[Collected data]
(* (Weak duality.) Let $h\in\mathcal{M}_{\mathbb{F}}(0)$. Then for all $x\in\mathbb{R}^n$, \[ \sup_{\mathbf{u}\in\mathcal{U}_{\mathbb{F}}(0)} J(0,x;\mathbf{u})\;\le\;\mathbb{E}_{0,x}\Big[\sup_{\mathbf{u}\in\mathcal{U}(0)}\Big\{\Lambda(x_T)+\int_0^T g(t,x_t,u_t)\,dt-h(\mathbf{u},\mathbf{w})\Big\}\Big]. \]
   Context: Let $(\Omega,\mathcal{F},\mathbb{P})$ carry an $m$-dimensional Brownian motion $\mathbf{w}=(w_t)_{t\in[0,T]}$ with natural augmented filtration $\mathbb{F}=\{\mathcal{F}_t\}$, $\mathcal{F}=\mathcal{F}_T$. The controlled state $x_t\in\mathbb{R}^n$ follows $dx_t=b(t,x_t,u_t)\,dt+\sigma(t,x_t)\,dw_t$, $0\le t\le T$, where $u_t\in\mathcal{U}\subset\mathbb{R}^{d_u}$, $b:[0,T]\times\mathbb{R}^n\times\mathcal{U}\to\mathbb{R}^n$, $\sigma:[0,T]\times\mathbb{R}^n\to\mathbb{R}^{n\times m}$ are continuous, with $\|b(t,x,u)\|+\|\sigma(t,x)\|\le C_1(1+\|x\|+\|u\|)$ and $b,\sigma$ Lipschitz in $(t,x)$ uniformly in $u$. The set $\mathcal{U}_{\mathbb{F}}(t)$ of admissible strategies at time $t$ consists of $\mathbb{F}$-progressively measurable $\mathcal{U}$-valued processes $\mathbf{u}=(u_s)_{s\in[t,T]}$ with $\mathbb{E}[\int_t^T\|u_s\|^2ds]<\infty$ and $\mathbb{E}_{t,x}[\sup_{s\in[t,T]}\|x_s\|^2]<\infty$, where $\mathbb{E}_{t,x}[\cdot]=\mathbb{E}[\cdot\mid x_t=x]$. The set $\mathcal{U}(t)$ consists of all $\mathcal{B}([t,T])\times\mathcal{F}$-measurable $\mathcal{U}$-valued processes $(u_s)_{s\in[t,T]}$ (possibly anticipative). It is assumed that for each $\mathbf{u}\in\mathcal{U}(0)$ and initial condition $x_0=x$ the state equation has a unique $\mathcal{B}([0,T])\times\mathcal{F}$-measurable solution $(x_t)$, coinciding with the usual Itô solution when $\mathbf{u}\in\mathcal{U}_{\mathbb{F}}(0)$. Rewards $\Lambda:\mathbb{R}^n\to\mathbb{R}$, $g:[0,T]\times\mathbb{R}^n\times\mathcal{U}\to\mathbb{R}$ satisfy polynomial growth: $|\Lambda(x)|\le C_\Lambda(1+\|x\|^{c_\Lambda})$, $|g(t,x,u)|\le C_g(1+\|x\|^{c_g}+\|u\|^{c_g})$. $J(t,x;\mathbf{u})=\mathbb{E}_{t,x}[\Lambda(x_T)+\int_t^T g(s,x_s,u_s)ds]$. The set $\mathcal{M}_{\mathbb{F}}(0)$ of dual feasible penalties consists of functions $h(\mathbf{u},\mathbf{w})$ of a control strategy $\mathbf{u}\in\mathcal{U}(0)$ and a Brownian path $\mathbf{w}$ such that $\mathbb{E}_{0,x}[h(\mathbf{u},\mathbf{w})]\le 0$ for all $x\in\mathbb{R}^n$ and all $\mathbf{u}\in\mathcal{U}_{\mathbb{F}}(0)$. *)

From HB Require Import structures.
From mathcomp Require Import all_boot all_order all_algebra.
From mathcomp Require Import all_classical all_reals all_analysis.
Set Implicit Arguments. Unset Strict Implicit. Unset Printing Implicit Defensive.
Import Order.TTheory GRing.Theory Num.Theory numFieldTopology.Exports numFieldNormedType.Exports.
Local Open Scope classical_set_scope.
Local Open Scope ring_scope.

Section Defs.
Context {R : realType}.

Definition sqnorm (k : nat) (v : 'rV[R]_k) : R := \sum_(i < k) (v ord0 i) ^+ 2.
Definition vnorm (k : nat) (v : 'rV[R]_k) : R := Num.sqrt (sqnorm v).

Definition borel_rV (k : nat) : set (set 'rV[R]_k) :=
  <<s [set A | exists (i : 'I_k) (B : set R), measurable B /\
                 A = (fun v : 'rV[R]_k => v ord0 i) @^-1` B] >>.

Definition borel_trip (n du : nat) : set (set (R * ('rV[R]_n * 'rV[R]_du))) :=
  <<s [set A | exists B : set R, measurable B /\
          (A = (fun p : R * ('rV[R]_n * 'rV[R]_du) => p.1) @^-1` B
           \/ (exists i : 'I_n, A = (fun p : R * ('rV[R]_n * 'rV[R]_du) => p.2.1 ord0 i) @^-1` B)
           \/ (exists j : 'I_du, A = (fun p : R * ('rV[R]_n * 'rV[R]_du) => p.2.2 ord0 j) @^-1` B))] >>.

Definition tint (T : R) : set R := `[0, T].

Context {d : measure_display} {Omega : measurableType d}.

Definition indep_family (P : probability Omega R) (I : finType) (Y : I -> Omega -> R) :=
  (forall k, measurable_fun setT (Y k)) /\
  forall B : I -> set R, (forall k, measurable (B k)) ->
    P (\bigcap_(k in [set: I]) (Y k @^-1` B k)) = (\prod_(k : I) P (Y k @^-1` B k))%E.
Lemma dotv_col_mx k l (a c : 'cV[R]_k) (b d : 'cV[R]_l) :
  dotv (col_mx a b) (col_mx c d) = dotv a c + dotv b d.
Proof. by rewrite /dotv tr_col_mx mul_row_col mxE. Qed.

Lemma dotv_ge0 k (u : 'cV[R]_k) : 0 <= dotv u u.
Proof. by rewrite dotvE; apply: sumr_ge0 => i _; rewrite -expr2 sqr_ge0. Qed.

Lemma dotv_eq0 k (u : 'cV[R]_k) : (dotv u u == 0) = (u == 0).
Proof.
apply/idP/eqP => [|->]; last by rewrite dotv0r.
rewrite dotvE psumr_eq0 => [/allP u0|i _]; last by rewrite -expr2 sqr_ge0.
apply/matrixP => i j; rewrite (ord1 j) mxE.
by have /implyP/(_ isT) := u0 i (mem_index_enum i); rewrite mulf_eq0 orbb => /eqP.
Qed.

Lemma sqr_mx_norm_le_dotv k (v : 'cV[R]_k) : `|v| ^+ 2 <= dotv v v.
Proof.
have -> : `|v| = mx_norm v by [].
have [->|/mx_norm_neq0 [i ->]] := eqVneq (mx_norm v) 0; first by rewrite expr0n dotv_ge0.
rewrite real_normK ?num_real // (ord1 i.2) dotvE (bigD1 i.1) //= -expr2 lerDl.
by apply: sumr_ge0 => j _; rewrite -expr2 sqr_ge0.
Qed.

Lemma dotvDD k (u v : 'cV[R]_k) :
  dotv (u + v) (u + v) = dotv u u + 2 * dotv u v + dotv v v.
Proof. by rewrite dotvDl !dotvDr (dotvC v u); ring. Qed.

Lemma dotvDD_le k (u v : 'cV[R]_k) :
  dotv (u + v) (u + v) <= 2 * dotv u u + 2 * dotv v v.
Proof.
by have := dotv_ge0 (u - v); rewrite !dotvDD dotvNl !dotvNr opprK; lra.
Qed.

Lemma dotv_midpoint k (u v : 'cV[R]_k) :
  dotv ((1/2) *: u + (1/2) *: v) ((1/2) *: u + (1/2) *: v)
  = dotv u u / 2 + dotv v v / 2 - dotv (u - v) (u - v) / 4.
Proof. by rewrite !dotvDD dotvNl !dotvNr opprK !dotvZl !dotvZr; field. Qed.

Lemma spd_spsd k (X : 'M[R]_k) : spd X -> spsd X.
Proof.
move=> [symX posX]; split=> // v.
by have [->|/posX/ltW//] := eqVneq v 0; rewrite mulmx0 dotv0r.
Qed.

End InnerProduct.
Lemma fiberD S X u : fiber (S :\: X) u = fiber S u :\: fiber X u.
Proof. by apply/setP => v; rewrite !inE. Qed.

Lemma fiber_independent X u : independent X -> independent (fiber X u).
Proof.
move/indepP=> iX; apply/indepP => v1 v2; rewrite !fiberE => uv1 uv2.
by apply: contraNN (iX _ _ uv1 uv2); rewrite lex_adjE /= eqxx => ->; rewrite orbT.
Qed.

Lemma proj_independent X : independent X -> independent (proj X).
Proof.
move/indepP=> iX; apply/indepP => u1 u2 /projP[v1 uv1] /projP[v2 uv2].
by apply: contraNN (iX _ _ uv1 uv2); rewrite lex_adjE /= => ->.
Qed.

Lemma fiber_bipartite S u : bipartite_set S -> bipartite_set (fiber S u).
Proof.
case/bipartiteP=> X /and3P[sXS iX iSX]; apply/bipartiteP; exists (fiber X u).
rewrite /bipartition -fiberD (fiber_independent _ iX) (fiber_independent _ iSX) !andbT.
by apply/subsetP => v; rewrite !fiberE; apply: (subsetP sXS).
Qed.

Lemma setX_independent (A : {set vert G}) Y :
  independent A -> independent Y -> independent (setX A Y : {set VK}).
Proof.
move=> /indepP iA /indepP iY; apply/indepP => -[u1 v1] [u2 v2].
rewrite !in_setX => /andP[uA1 vY1] /andP[uA2 vY2].
by rewrite lex_adjE /= (negbTE (iA _ _ uA1 uA2)) (negbTE (iY _ _ vY1 vY2)) andbF.
Qed.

* [What you will do] The lines above starting at the one that contains "(A = (fun p" and ending at the one that contains "Definition indep_family (P" must be transcribed exactly, and no other lines may appear.

* [Answer to this exercise]
          (A = (fun p : R * ('rV[R]_n * 'rV[R]_du) => p.1) @^-1` B
           \/ (exists i : 'I_n, A = (fun p : R * ('rV[R]_n * 'rV[R]_du) => p.2.1 ord0 i) @^-1` B)
           \/ (exists j : 'I_du, A = (fun p : R * ('rV[R]_n * 'rV[R]_du) => p.2.2 ord0 j) @^-1` B))] >>.

Definition tint (T : R) : set R := `[0, T].

Context {d : measure_display} {Omega : measurableType d}.

Definition indep_family (P : probability Omega R) (I : finType) (Y : I -> Omega -> R) :=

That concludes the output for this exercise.